General information
- Type: Tiltrotor multirole UAV
- National origin: United States
- Manufacturer: Bell Helicopter
- Status: Concept

= Bell V-247 Vigilant =

Unmanned military tiltrotor concept

The Bell V-247 Vigilant is a concept by Bell Helicopter to develop a large tiltrotor unmanned aerial vehicle.

==Development==
Bell created the V-247 to meet emerging U.S. military needs for a runway-independent Group 4 or 5 UAV to provide persistent support to ground forces, while requiring less space to store and transport. Group 4 UAVs weigh more than 1320 lb and fly below 18000 ft. Group 5 UAVs weigh the same but fly above 18,000 ft, such as the MQ-9 Reaper, RQ-4 Global Hawk, and MQ-4C Triton.
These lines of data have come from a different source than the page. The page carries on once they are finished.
Lemma sumR_ge_mem (T : eqType) (r : seq T) (F : T -> R) y :
  (forall i, 0 <= F i) -> y \in r -> F y <= \big[Rplus/0]_(i <- r) F i.
Proof.
move=> F0 yr; rewrite (big_rem _ yr) /=.
have := sumR_ge0 (rem y r) F0; lra.
Qed.

Definition integrable f a b : Prop := inhabited (Riemann_integrable f a b).

Lemma RInt_RiemannInt f a b (pr : Riemann_integrable f a b) :
  RInt f a b = RiemannInt pr.
Proof.
have ex : exists r, exists pr : Riemann_integrable f a b, RiemannInt pr = r.
  by exists (RiemannInt pr), pr.
rewrite /RInt; have [pr' <-] := epsilon_spec (inhabits 0) _ ex.
exact: RiemannInt_P5.
Qed.

Lemma integrable_const c a b : integrable (fun _ => c) a b.
Proof. exact: inhabits (RiemannInt_P14 a b c). Qed.

Lemma integrable_plus f g a b : integrable f a b -> integrable g a b ->
  integrable (fun t => f t + g t) a b.
Proof.
move=> [pf] [pg]; constructor.
by apply: Riemann_integrable_ext (RiemannInt_P10 1 pf pg) => t _; ring.
Qed.

Lemma integrable_scal c f a b : integrable f a b -> integrable (fun t => c * f t) a b.
Proof. by move=> [pf]; constructor; exact: Riemann_integrable_scal. Qed.

Lemma integrable_sum (T : Type) (r : seq T) (F : T -> R -> R) a b :
  (forall y, integrable (F y) a b) ->
  integrable (fun t => \big[Rplus/0]_(y <- r) F y t) a b.
Proof.
move=> IF; elim: r => [|y r IH].
  by under [fun t => _]functional_extensionality do rewrite big_nil; exact: integrable_const.
under [fun t => _]functional_extensionality do rewrite big_cons.
exact: integrable_plus.
Qed.

Lemma integrable_Chasles f a b c : integrable f a b -> integrable f b c -> integrable f a c.
Proof. by move=> [p1] [p2]; exact: inhabits (RiemannInt_P24 p1 p2). Qed.

Lemma RInt_const c a b : RInt (fun _ => c) a b = c * (b - a).
Proof. by rewrite (RInt_RiemannInt (RiemannInt_P14 a b c)) RiemannInt_P15. Qed.

Lemma RInt_le f g a b : a <= b -> integrable f a b -> integrable g a b ->
  (forall t, a < t < b -> f t <= g t) -> RInt f a b <= RInt g a b.
Proof.
move=> ab [pf] [pg] fg; rewrite (RInt_RiemannInt pf) (RInt_RiemannInt pg).
exact: RiemannInt_P19.
Qed.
It is named the V-247 because it is planned that a two-aircraft team can provide 24/7 intelligence, surveillance and reconnaissance (ISR) over a given area.

The design uses tiltrotors to take off vertically and transition to high-speed forward flight, enabling performance unachievable with just rotorcraft or fixed-wing aircraft. It leverages technologies which Bell previously utilized for the V-22 Osprey and V-280 Valor for the Future Vertical Lift program, and the HV-911 Eagle Eye, another smaller unmanned tiltrotor dropped in 2008. The aircraft is capable of performing a variety of missions including electronic warfare, persistent fire support, airborne early warning (AEW), and resupply.

Bell is particularly interested in the U.S. Marine Corps' Marine Air Ground Task Force – Unmanned Expeditionary Capabilities (MUX) concept to perform the tasks of MQ-1 Predator and Reaper aircraft while operating from amphibious assault ships to complement and escort the MV-22. The U.S. Army is also interested in runway-independent unmanned aircraft, and the Vigilant could be incorporated into manned-unmanned teaming (MUM-T) arrangements where helicopter pilots have the ability to control nearby drones from the cockpit using a tactical common data-link. A 1/8-scale model was unveiled in September 2016. The system could be ready for production by 2023.

While Bell is funding the V-247 through its preliminary design phase, the company is searching for a customer, likely the USMC, to fund the follow-on design effort to incorporate specific requirements into the design.

==Design==
The V-247 Vigilant is designed to weigh 16000 lb empty and carry 13000 lb of fuel, weapons, and sensors for a maximum gross weight of 29000 lb, roughly three times the maximum takeoff weight of the MQ-9. The V-22 and V-280 use two engines located within the tiltrotor pylons. The V-247 will have a single engine housed in the fuselage generating 5,000-6,000 shp (3,670-4,410 kW), about as much as the V-22's engines. The wingspan is 65 ft, just 1 ft shorter than the Reaper's, with 30 ft-diameter tilting rotors, 8 ft smaller in diameter than the V-22's.

Like the V-280, it has a V-shaped tail and one long wing piece mated to the top of the fuselage and retractable tricycle landing gear. To enable size compatibility with U.S. Navy guided missile destroyers, the wing and rotors swivel along the 37 ft-long fuselage to have the same footprint as the UH-1Y Venom helicopter. Two folded up V-247s can fit inside one C-17 Globemaster III transport aircraft. The aircraft aims to have a cruise speed of 250 knot, a top speed of 300 knot, and a service ceiling of 25000 ft, with a combat radius of 450 nmi and time-on-station of 11–15 hours, while carrying a 600 lb payload. Range is 1400 nmi for 17 hours on internal fuel. It has the capability for aerial refueling.

The aircraft can support an internal mission payload of 2000 lb and can sling-load 9000 lb. The Vigilant is equipped with three internal payload bays, a centerline payload, and the capability to house up to two underwing pylons per side for various payloads including additional fuel, radar systems, LiDAR modules, sonobuoys, the Mark 50 torpedo, AGM-114 Hellfire, and Joint Air-to-Ground Missile (JAGM).